Matsuo T, Shirakusa T, Kawahara K, Iwasaki A, Okabayashi H, Shiraishi T
Department of Surgery, School of Medicine, Fukuoka University, Japan.
Kyobu Geka. 1996 Dec;49(13):1110-3.
Generally yolk sac tumor in the mediastinum is a rare and highly malignant neoplasm. We report a case of yolk sac tumor, which was treated with resection, and then intraoperative hypotonic and postoperative systemic chemotherapy. A 33-year-old man was diagnosed as a mediastinal tumor with chest X-ray and chest CT findings.

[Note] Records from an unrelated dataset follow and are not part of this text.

(* Let $X$ be a compact Hausdorff space and $G$ a second-countable compact group acting continuously on $X$, and let $\alpha\colon G\to\mathrm{Aut}(C(X))$, $\alpha_g(f)(x)=f(g^{-1}\cdot x)$, be the induced action. Assume that $(G,C(G),\mathtt{Lt})$ is weakly equivariantly semiprojective with respect to the class of commutative C*-algebras. Then $\alpha$ has the Rokhlin property if and only if there is a homeomorphism $\sigma\colon X/G\times G\to X$ with $g\cdot\sigma(Gx,h)=\sigma(Gx,gh)$ for all $g,h\in G$ and $x\in X$.
   Context: $\mathtt{Lt}_g(f)(h)=f(g^{-1}h)$. For a C*-algebra $C$ with continuous $G$-action: $C_\infty=\ell^\infty(\mathbb N,C)/c_0(\mathbb N,C)$ with quotient map $\kappa_C$, with coordinatewise induced actions. $(G,C(G),\mathtt{Lt})$ is weakly equivariantly semiprojective with respect to commutative C*-algebras if for every commutative C*-algebra $C$ with continuous $G$-action and every equivariant homomorphism $\varphi\colon C(G)\to C_\infty$ there is an equivariant homomorphism $\psi\colon C(G)\to\ell^\infty(\mathbb N,C)$ with $\kappa_C\circ\psi=\varphi$. Rokhlin property for an action $\alpha$ on a unital $A$: with $A$ embedded in $A_\infty$ as constant sequences, $\alpha^\infty$ coordinatewise on $\ell^\infty(\mathbb N,A)$, $\ell^\infty_\alpha(\mathbb N,A)$ the sequences $a$ with $g\mapsto\alpha^\infty_g(a)$ norm continuous, $A_{\infty,\alpha}=\kappa_A(\ell^\infty_\alpha(\mathbb N,A))$ with action $\alpha_\infty$: there is a unital homomorphism $\varphi\colon C(G)\to A_{\infty,\alpha}\cap A'$ with $\varphi\circ\mathtt{Lt}_g=(\alpha_\infty)_g\circ\varphi$ for all $g$. *)

From HB Require Import structures.
From mathcomp Require Import all_boot all_order all_algebra.
From mathcomp Require Import all_classical all_reals all_analysis.
From mathcomp Require Import complex generic_quotient.
From mathcomp Require Import Rstruct Rstruct_topology.
Set Implicit Arguments. Unset Strict Implicit. Unset Printing Implicit Defensive.
Import Order.TTheory GRing.Theory Num.Theory.
Local Open Scope ring_scope.
Local Open Scope classical_set_scope.
Local Open Scope quotient_scope.

Notation Rr := Rdefinitions.R.
Notation C := (Rr[i]).
Notation normc := (@ComplexField.Normc.normc Rr).

Definition ccont {T : topologicalType} (f : T -> C) : Prop :=
  forall (t0 : T) (e : Rr), 0 < e -> \forall t \near t0, normc (f t - f t0) < e.

Record group_law (G : Type) := GroupLaw {
  gmul : G -> G -> G; ginv : G -> G; gone : G;
  gmulA : forall a b c, gmul a (gmul b c) = gmul (gmul a b) c;
  gmul1 : forall a, gmul gone a = a;
  gmulV : forall a, gmul (ginv a) a = gone }.

Definition compact_group (G : topologicalType) (L : group_law G) : Prop :=
  [/\ hausdorff_space G, compact [set: G],
      continuous (fun p : G * G => gmul L p.1 p.2) & continuous (ginv L)].

Record group_action (G : Type) (L : group_law G) (X : Type) := GroupAction {
  act : G -> X -> X;
  act1 : forall x, act (gone L) x = x;
  actM : forall g h x, act (gmul L g h) x = act g (act h x) }.

Section Orbits.
Variables (G : Type) (L : group_law G) (X : choiceType) (a : group_action L X).

Definition orbit_rel : rel X := fun x y => `[< exists g, act a g x = y >].

Lemma orbit_rel_refl : reflexive orbit_rel.
Proof. by move=> x; apply/asboolP; exists (gone L); rewrite act1. Qed.

Lemma orbit_rel_sym : symmetric orbit_rel.
Proof.
have H x y : orbit_rel x y -> orbit_rel y x.
  move=> /asboolP [g <-]; apply/asboolP; exists (ginv L g).
  by rewrite -actM gmulV act1.
by move=> x y; apply/idP/idP; apply: H.
Qed.

Lemma orbit_rel_trans : transitive orbit_rel.
Proof.
move=> y x z /asboolP [g <-] /asboolP [h <-]; apply/asboolP.
by exists (gmul L h g); rewrite actM.
Qed.

Definition orbit_equiv : equiv_rel X :=
  EquivRel orbit_rel orbit_rel_refl orbit_rel_sym orbit_rel_trans.
End Orbits.

Definition orbit_space (G : Type) (L : group_law G) (X : topologicalType)
  (a : group_action L X) : topologicalType :=
  quotient_topology {eq_quot (orbit_equiv a)}.

Definition homeomorphism (S T : topologicalType) (f : S -> T) : Prop :=
  continuous f /\ exists g : T -> S, [/\ continuous g, cancel f g & cancel g f].

Definition Lt (G : Type) (L : group_law G) (g : G) (f : G -> C) : G -> C :=
  fun h => f (gmul L (ginv L g) h).

Record cstar_alg := CstarAlg {
  ca :> Type;
  c0 : ca; cadd : ca -> ca -> ca; copp : ca -> ca; cmul : ca -> ca -> ca;
  cscale : C -> ca -> ca; cstar : ca -> ca; cnorm : ca -> Rr;
  caddA : forall x y z, cadd x (cadd y z) = cadd (cadd x y) z;
  caddC : forall x y, cadd x y = cadd y x;
  cadd0 : forall x, cadd c0 x = x;
  caddN : forall x, cadd (copp x) x = c0;
  cscaleA : forall z w x, cscale z (cscale w x) = cscale (z * w) x;
  cscale1 : forall x, cscale 1 x = x;
  cscaleDr : forall z x y, cscale z (cadd x y) = cadd (cscale z x) (cscale z y);
  cscaleDl : forall z w x, cscale (z + w) x = cadd (cscale z x) (cscale w x);
  cmulA : forall x y z, cmul x (cmul y z) = cmul (cmul x y) z;
  cmulDl : forall x y z, cmul (cadd x y) z = cadd (cmul x z) (cmul y z);
  cmulDr : forall x y z, cmul x (cadd y z) = cadd (cmul x y) (cmul x z);
  cmulZl : forall z x y, cmul (cscale z x) y = cscale z (cmul x y);
  cmulZr : forall z x y, cmul x (cscale z y) = cscale z (cmul x y);
  cstarK : forall x, cstar (cstar x) = x;
  cstarD : forall x y, cstar (cadd x y) = cadd (cstar x) (cstar y);
  cstarZ : forall z x, cstar (cscale z x) = cscale (conjc z) (cstar x);
  cstarM : forall x y, cstar (cmul x y) = cmul (cstar y) (cstar x);
  cnorm_eq0 : forall x, cnorm x = 0 <-> x = c0;
  cnormD : forall x y, cnorm (cadd x y) <= cnorm x + cnorm y;
  cnormZ : forall z x, cnorm (cscale z x) = normc z * cnorm x;
  cnormM : forall x y, cnorm (cmul x y) <= cnorm x * cnorm y;
  cnorm_cstar : forall x, cnorm (cmul (cstar x) x) = cnorm x ^+ 2;
  ccomplete : forall u : nat -> ca,
    (forall e : Rr, 0 < e -> exists N, forall m n, (N <= m)%N -> (N <= n)%N ->
        cnorm (cadd (u m) (copp (u n))) < e) ->
    exists l, forall e : Rr, 0 < e -> exists N, forall n, (N <= n)%N ->
        cnorm (cadd (u n) (copp l)) < e }.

At operation he had mediastinal tumor which invaded to the part of the right upper lobe and pericardium, disseminated on the right diaphragm. A large tumor was removed with partial pericardiectomy and wedge resection of the right upper lobe. After resection hypotonic chemotherapy with cis-platinum was performed. This tumor had endodermal sinus structure, Schiller-Duval body, and eosinophilic hyaline globolus which were histological characteristics of yolk sac tumor, and the value of serum alpha-fetoprotein (AFP) was high. After operation with this diagnosis systemic chemotherapy consisted of cis-platinum, etoposide were performed. Patient was discharged uneventfully 8 months later.

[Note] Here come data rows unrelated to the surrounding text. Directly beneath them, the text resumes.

(* Let $n\ge2$ and let $\mathcal G_n$, $\mathcal N_{0,n}$, $z_g$, $U_m(z_g)$ be as in the context. Let $D=\Theta((\gamma,g,\mu),C(\mu\eta))$ be a compact open bisection in $\mathcal G_n$ ($\gamma,\mu,\eta\in X^*$, $g\in\mathfrak G_n$). If $[(\varnothing,e,\varnothing),\mathbf 1^\infty]\in\overline D$, then there exist $m_D\in\mathbb N$ and $g_D\in\mathcal N_{0,n}$ such that $$D\cap\Bigl(\bigcup_{h\in\mathcal N_{0,n}}U_{m_D}(z_h)\Bigr)=U_{m_D}(z_{g_D}).$$
   Context: Let $X=\{\mathbf 0,\mathbf 1\}$, $X^*$ the finite words (with empty word $\varnothing$), $X^\omega$ the infinite words, $C(\eta)=\{\eta w:w\in X^\omega\}$, $\mathbf 1^m$ and $\mathbf 1^\infty$ the finite/infinite words of ones. Fix $n\ge2$, a primitive polynomial $f_n$ of degree $n$ over $\mathbb F_2$ with root $\alpha$, and $\operatorname{Tr}(\beta)=\beta+\beta^2+\dots+\beta^{2^{n-1}}\in\mathbb F_2$. $\mathfrak G_n$ is the group of automorphisms of the binary rooted tree $X^*$ generated by $a$ ($a\cdot(\mathbf 0w)=\mathbf 1w$, $a\cdot(\mathbf 1w)=\mathbf 0w$) and $\iota_n(\beta)$, $\beta\in\mathbb F_{2^n}$, where $\iota_n(\beta)\cdot(\mathbf 0w)=\mathbf 0(a^{\operatorname{Tr}(\beta)}\cdot w)$, $\iota_n(\beta)\cdot(\mathbf 1w)=\mathbf 1(\iota_n(\alpha\beta)\cdot w)$; restrictions $g|_x$ are given by $g\cdot(xw)=(g\cdot x)(g|_x\cdot w)$. $\mathcal N_{0,n}=\iota_n(\mathbb F_{2^n})$ and $e=\iota_n(0)$ is the identity. $\mathcal G_n$ is the groupoid of germs of the action of the inverse semigroup $\{(\eta,g,\mu)\}\cup\{0\}$ on $X^\omega$ with $(\eta,g,\mu):C(\mu)\to C(\eta)$, $\mu w\mapsto\eta(g\cdot w)$; germs $[(\eta,g,\mu),w]$, $w\in C(\mu)$, with $[(\eta,g,\mu),w]=[(\eta',g',\mu'),w']$ iff $w=w'$ and some finite prefix $\nu=\mu\epsilon=\mu'\epsilon'$ of $w$ satisfies $\eta(g\cdot\epsilon)=\eta'(g'\cdot\epsilon')$ and $g|_\epsilon=g'|_{\epsilon'}$. $\Theta(s,U)=\{[s,w]:w\in U\}$ for $s=(\eta,g,\mu)$, $U\subseteq C(\mu)$ open; these form a basis of the topology. $z_g=[(\varnothing,g,\varnothing),\mathbf 1^\infty]$ and $U_m(z_g)=\Theta((\varnothing,g,\varnothing),C(\mathbf 1^m))$. *)

From mathcomp Require Import all_boot all_order all_algebra all_field.
Set Implicit Arguments. Unset Strict Implicit. Unset Printing Implicit Defensive.
Import GRing.Theory.
Local Open Scope ring_scope.

(* Alphabet X = bool : letter 0 = false, letter 1 = true.
   Finite words X^* = seq bool, infinite words X^omega = nat -> bool. *)

(* The field F_{2^n} is an abstract finite field F of characteristic 2 with
   #|F| = 2^n; alpha is a root of a primitive polynomial of degree n,
   i.e. a generator of the multiplicative group (primitive (2^n-1)-th root). *)

Definition trace (F : finFieldType) (n : nat) (b : F) : F :=
  \sum_(i < n) b ^+ (2 ^ i).

Definition a_act (w : seq bool) : seq bool :=
  match w with [::] => [::] | x :: w' => (~~ x) :: w' end.

Fixpoint iota_act (F : finFieldType) (n : nat) (alpha : F) (b : F)
  (w : seq bool) : seq bool :=
  match w with
  | [::] => [::]
  | false :: w' => false :: (if trace n b == 1 then a_act w' else w')
  | true :: w' => true :: iota_act n alpha (alpha * b) w'
  end.

Inductive inGn (F : finFieldType) (n : nat) (alpha : F) :
    (seq bool -> seq bool) -> Prop :=
  | Gn_id : inGn n alpha id
  | Gn_a : inGn n alpha a_act
  | Gn_iota b : inGn n alpha (iota_act n alpha b)
  | Gn_comp f g : inGn n alpha f -> inGn n alpha g -> inGn n alpha (f \o g)
  | Gn_inv f g : inGn n alpha f -> cancel f g -> cancel g f -> inGn n alpha g
  | Gn_ext f g : inGn n alpha f -> f =1 g -> inGn n alpha g.

(* Restriction g|_x : g(x w) = (g x)(g|_x w). *)
Definition restr (g : seq bool -> seq bool) (x : seq bool) : seq bool -> seq bool :=
  fun w => drop (size x) (g (x ++ w)).

Definition pref (w : nat -> bool) (k : nat) : seq bool := mkseq w k.

Definition cyl (eta : seq bool) : (nat -> bool) -> Prop :=
  fun w => pref w (size eta) = eta.

Definition cantor_open (U : (nat -> bool) -> Prop) : Prop :=
  forall w, U w -> exists k, forall w', cyl (pref w k) w' -> U w'.

(* Inverse semigroup elements (eta, g, mu) (the zero is not needed: it has
   empty domain and contributes no germs). *)
Record triple := Triple { t_eta : seq bool; t_g : seq bool -> seq bool;
                          t_mu : seq bool }.

Definition valid_triple (F : finFieldType) (n : nat) (alpha : F) (s : triple) :=
  inGn n alpha (t_g s).

Record germ := Germ { g_s : triple; g_w : nat -> bool }.

Definition valid_germ (F : finFieldType) (n : nat) (alpha : F) (x : germ) :=
  valid_triple n alpha (g_s x) /\ cyl (t_mu (g_s x)) (g_w x).

Definition germ_eq (x y : germ) : Prop :=
  g_w x =1 g_w y /\
  exists k : nat,
    let nu := pref (g_w x) k in
    let mu := t_mu (g_s x) in let mu' := t_mu (g_s y) in
    let eps := drop (size mu) nu in let eps' := drop (size mu') nu in
    [/\ mu ++ eps = nu, mu' ++ eps' = nu,
        t_eta (g_s x) ++ t_g (g_s x) eps = t_eta (g_s y) ++ t_g (g_s y) eps'
      & restr (t_g (g_s x)) eps =1 restr (t_g (g_s y)) eps'].

Definition Theta (F : finFieldType) (n : nat) (alpha : F) (s : triple)
    (U : (nat -> bool) -> Prop) : germ -> Prop :=
  fun x => valid_germ n alpha x /\
    exists w, U w /\ cyl (t_mu s) w /\ germ_eq x (Germ s w).

Definition gopen (F : finFieldType) (n : nat) (alpha : F) (O : germ -> Prop) :=
  forall x, O x -> exists s U,
    [/\ valid_triple n alpha s, cantor_open U,
        (forall w, U w -> cyl (t_mu s) w),
        Theta n alpha s U x & forall y, Theta n alpha s U y -> O y].

Definition gclosure (F : finFieldType) (n : nat) (alpha : F) (D : germ -> Prop)
    : germ -> Prop :=
  fun x => valid_germ n alpha x /\
    forall O, gopen n alpha O -> O x -> exists y, O y /\ D y.

Definition ones : nat -> bool := fun _ => true.
Definition ones_m (m : nat) : seq bool := nseq m true.

Definition z_ (g : seq bool -> seq bool) : germ := Germ (Triple [::] g [::]) ones.

Definition U_ (F : finFieldType) (n : nat) (alpha : F) (m : nat)
    (g : seq bool -> seq bool) : germ -> Prop :=
  Theta n alpha (Triple [::] g [::]) (cyl (ones_m m)).

From mathcomp Require Import all_boot all_order all_algebra all_field.
From Stdlib Require Import FunctionalExtensionality.
Set Implicit Arguments. Unset Strict Implicit. Unset Printing Implicit Defensive.
Import GRing.Theory.
Local Open Scope ring_scope.

(* Elements of G_n are contracting: their restrictions at all long enough words are
   products of at most two of the generators a and iota(b).  Since the identity germ
   [(0,e,0),1^oo] lies in the closure of D, for m large some germ of D at a point of
   C(1^m) is the identity germ.  Reading this equality on a long prefix 1^m rho shows that
   the restriction h of g at the corresponding word 1^k fixes rho and restricts to the
   identity at rho; among products of two generators only the iota(b) do so, hence
   h = iota(b).  As iota(c) restricts to iota(alpha^m c) at 1^m, every germ of D on C(1^m)
   is then the germ of iota(b / alpha^m) at the same point. *)

Section Trace.
Variables (F : finFieldType) (n : nat).
Hypotheses (charF2 : (2 \in [pchar F])%N) (cardF : #|F| = (2 ^ n)%N).
Hypothesis n_gt0 : (0 < n)%N.

Lemma exprD_pow2_pchar2 (x y : F) i : (x + y) ^+ (2 ^ i) = x ^+ (2 ^ i) + y ^+ (2 ^ i).
Proof.
by apply: exprDn_pchar; rewrite pnatX (eq_pnat _ (pcharf_eq charF2)) pnat_id.
Qed.

Lemma trace0 : trace n (0 : F) = 0.
Proof. by rewrite /trace big1 // => i _; rewrite expr0n expn_eq0. Qed.

Lemma traceD (x y : F) : trace n (x + y) = trace n x + trace n y.
Proof. by rewrite /trace -big_split; apply: eq_bigr => i _; apply: exprD_pow2_pchar2. Qed.

Lemma trace_sqr (x : F) : trace n x ^+ 2 = trace n x.
Proof.
have Frob2 : forall y : F, y ^+ 2 = pFrobenius_aut charF2 y by move=> y; rewrite pFrobenius_autE.
rewrite Frob2 rmorph_sum /=.
under eq_bigr do rewrite -Frob2 -exprM -expnSr.
case: n n_gt0 cardF => // k _ cardFk.
by rewrite /trace big_ord_recr big_ord_recl /= -cardFk expf_card addrC.
Qed.

Lemma trace_eq01 (x : F) : trace n x = 0 \/ trace n x = 1.
Proof.
have : trace n x * (trace n x - 1) = 0 by rewrite mulrBr mulr1 -expr2 trace_sqr subrr.
move/eqP; rewrite mulf_eq0 subr_eq0 => /orP[]/eqP; tauto.
Qed.

Lemma trace_eq1D (x y : F) :
  (trace n (x + y) == 1) = (trace n x == 1) (+) (trace n y == 1).
Proof.
rewrite traceD; have zero_neq1 : ((0 : F) == 1) = false by rewrite eq_sym oner_eq0.
by case: (trace_eq01 x) (trace_eq01 y) => -> [] ->;
  rewrite ?addr0 ?add0r ?addrr_pchar2 ?eqxx ?zero_neq1.
Qed.

End Trace.

Definition tree_endo (g : seq bool -> seq bool) :=
  (forall u, size (g u) = size u) /\ (forall u v, take (size u) (g (u ++ v)) = g u).

Lemma tree_endo_cat g u v : tree_endo g -> g (u ++ v) = g u ++ restr g u v.
Proof. by case=> _ Hg; rewrite /restr -[LHS](cat_take_drop (size u)) Hg. Qed.

Lemma restr0 g : restr g [::] = g.
Proof. by apply: functional_extensionality => w; rewrite /restr drop0. Qed.

Lemma restr_cat g u v : restr g (u ++ v) = restr (restr g u) v.
Proof.
by apply: functional_extensionality => w; rewrite /restr drop_drop size_cat catA addnC.
Qed.

Lemma restr_id u : restr id u = id.
Proof. by apply: functional_extensionality => w; rewrite /restr /= drop_size_cat. Qed.

Lemma restr_comp f g u :
  tree_endo f -> tree_endo g -> restr (f \o g) u = restr f (g u) \o restr g u.
Proof.
move=> Tf Tg; apply: functional_extensionality => w.
by rewrite {1}/restr /= (tree_endo_cat _ _ Tg) (tree_endo_cat _ _ Tf) drop_size_cat // Tf.1 Tg.1.
Qed.

Lemma tree_endo_id : tree_endo id.
Proof. by split=> // u v; rewrite take_size_cat. Qed.

Lemma tree_endo_comp f g : tree_endo f -> tree_endo g -> tree_endo (f \o g).
Proof.
move=> Tf Tg; split=> [u | u v] /=; first by rewrite Tf.1 Tg.1.
by rewrite (tree_endo_cat _ _ Tg) (tree_endo_cat _ _ Tf) take_size_cat // Tf.1 Tg.1.
Qed.

Lemma tree_endo_restr g u : tree_endo g -> tree_endo (restr g u).
Proof.
move=> Tg; have size_restr v : size (restr g u v) = size v.
  by rewrite /restr size_drop Tg.1 size_cat addKn.
split=> // v w; rewrite {1}/restr catA (tree_endo_cat (u ++ v) _ Tg).
by rewrite (tree_endo_cat _ _ Tg) -catA drop_size_cat ?Tg.1 // take_size_cat.
Qed.

Lemma tree_endo_inv f g : tree_endo f -> cancel f g -> cancel g f -> tree_endo g.
Proof.
move=> Tf fK gK; have size_g u : size (g u) = size u by rewrite -{2}(gK u) Tf.1.
split=> // u v; set x := g (u ++ v).
have size_take : size (take (size u) x) = size u.
  by rewrite size_takel // size_g size_cat leq_addr.
have := Tf.2 (take (size u) x) (drop (size u) x).
by rewrite cat_take_drop size_take gK take_size_cat // => u_eq; rewrite [in RHS]u_eq fK.
Qed.

Lemma a_actK : involutive a_act.
Proof. by case=> // x w /=; rewrite negbK. Qed.

Lemma tree_endo_a : tree_endo a_act.
Proof. by split=> [[] | [|x u] v] //=; rewrite ?take0 ?take_size_cat. Qed.

#[local] Hint Resolve tree_endo_a : core.

Lemma restr_a_act u : u != [::] -> restr a_act u = id.
Proof.
by case: u => // x u _; apply: functional_extensionality => w; rewrite /restr /= drop_size_cat.
Qed.

Section Iota.
Variables (F : finFieldType) (n : nat) (alpha : F).
Hypotheses (charF2 : (2 \in [pchar F])%N) (cardF : #|F| = (2 ^ n)%N).
Hypothesis n_gt0 : (0 < n)%N.

Local Notation I := (iota_act n alpha).

Lemma tree_endo_iota b : tree_endo (I b).
Proof.
split=> [u | u v].
  by elim: u b => [|[] u IHu] b //=; [rewrite IHu | case: ifP => //; case: u {IHu}].
elim: u b => [|[] u IHu] b /=; first by rewrite take0.
  by rewrite IHu.
by case: ifP => _; rewrite ?(tree_endo_a.2) ?take_size_cat.
Qed.

#[local] Hint Resolve tree_endo_iota : core.

Lemma iota_act0 : I 0 = id.
Proof.
apply: functional_extensionality; elim=> [|[] w IHw] //=; first by rewrite mulr0 IHw.
by rewrite trace0 eq_sym oner_eq0.
Qed.

Lemma iota_actD b c w : I b (I c w) = I (b + c) w.
Proof.
elim: w b c => [|[] w IHw] b c //=; first by rewrite IHw mulrDr.
by rewrite (trace_eq1D charF2 cardF n_gt0); do 2!case: (_ == 1) => //=; rewrite a_actK.
Qed.

Lemma iota_actK b : involutive (I b).
Proof. by move=> w; rewrite iota_actD addrr_pchar2 // iota_act0. Qed.

Lemma restr_iota_true b : restr (I b) [:: true] = I (alpha * b).
Proof. by apply: functional_extensionality => w; rewrite /restr /= drop0. Qed.

Lemma restr_iota_false b :
  restr (I b) [:: false] = if trace n b == 1 then a_act else id.
Proof. by apply: functional_extensionality => w; rewrite /restr /= drop0; case: ifP. Qed.

Lemma iota_act_ones k c : I c (nseq k true) = nseq k true.
Proof. by elim: k c => [|k IHk] c //=; rewrite IHk. Qed.

Lemma restr_iota_ones k c : restr (I c) (nseq k true) = I (alpha ^+ k * c).
Proof.
elim: k c => [|k IHk] c; first by rewrite restr0 expr0 mul1r.
by rewrite -[nseq _ _]/([:: true] ++ nseq k true) restr_cat restr_iota_true IHk mulrA -exprSr.
Qed.

Definition atomic h := (exists b, h = I b) \/ h = a_act.

Definition nuclear h := atomic h \/ exists b, h = a_act \o I b \/ h = I b \o a_act.

Lemma atomic_id : atomic id.
Proof. by left; exists 0; rewrite iota_act0. Qed.

Lemma atomic_iota b : atomic (I b).
Proof. by left; exists b. Qed.

Lemma tree_endo_atomic h : atomic h -> tree_endo h.
Proof. by case=> [[b ->] | ->]; [apply: tree_endo_iota | apply: tree_endo_a]. Qed.

Lemma tree_endo_nuclear h : nuclear h -> tree_endo h.
Proof.
by case=> [/tree_endo_atomic // | [b [->|->]]]; apply: tree_endo_comp.
Qed.

Lemma atomic_restr h u : atomic h -> atomic (restr h u).
Proof.
elim: u h => [|x u IHu] h Ah; first by rewrite restr0.
rewrite -cat1s restr_cat; apply: IHu.
case: Ah => [[b ->] | ->]; last by rewrite restr_a_act //; apply: atomic_id.
case: x; first by rewrite restr_iota_true; apply: atomic_iota.
by rewrite restr_iota_false; case: ifP => _; [right | apply: atomic_id].
Qed.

纵隔内的卵黄囊瘤通常是一种罕见且高度恶性的肿瘤。我们报告一例卵黄囊瘤病例,该病例接受了手术切除,随后进行了术中低渗化疗和术后全身化疗。一名33岁男性经胸部X线和胸部CT检查被诊断为纵隔肿瘤。手术时,他患有纵隔肿瘤,侵犯了右上叶部分和心包,并扩散至右侧膈肌。通过部分心包切除术和右上叶楔形切除术切除了一个大肿瘤。切除术后进行了顺铂低渗化疗。该肿瘤具有内胚窦结构、席勒-杜瓦尔体和嗜酸性透明小球,这些是卵黄囊瘤的组织学特征,且血清甲胎蛋白(AFP)值较高。在确诊后,术后全身化疗采用顺铂和依托泊苷。患者8个月后顺利出院。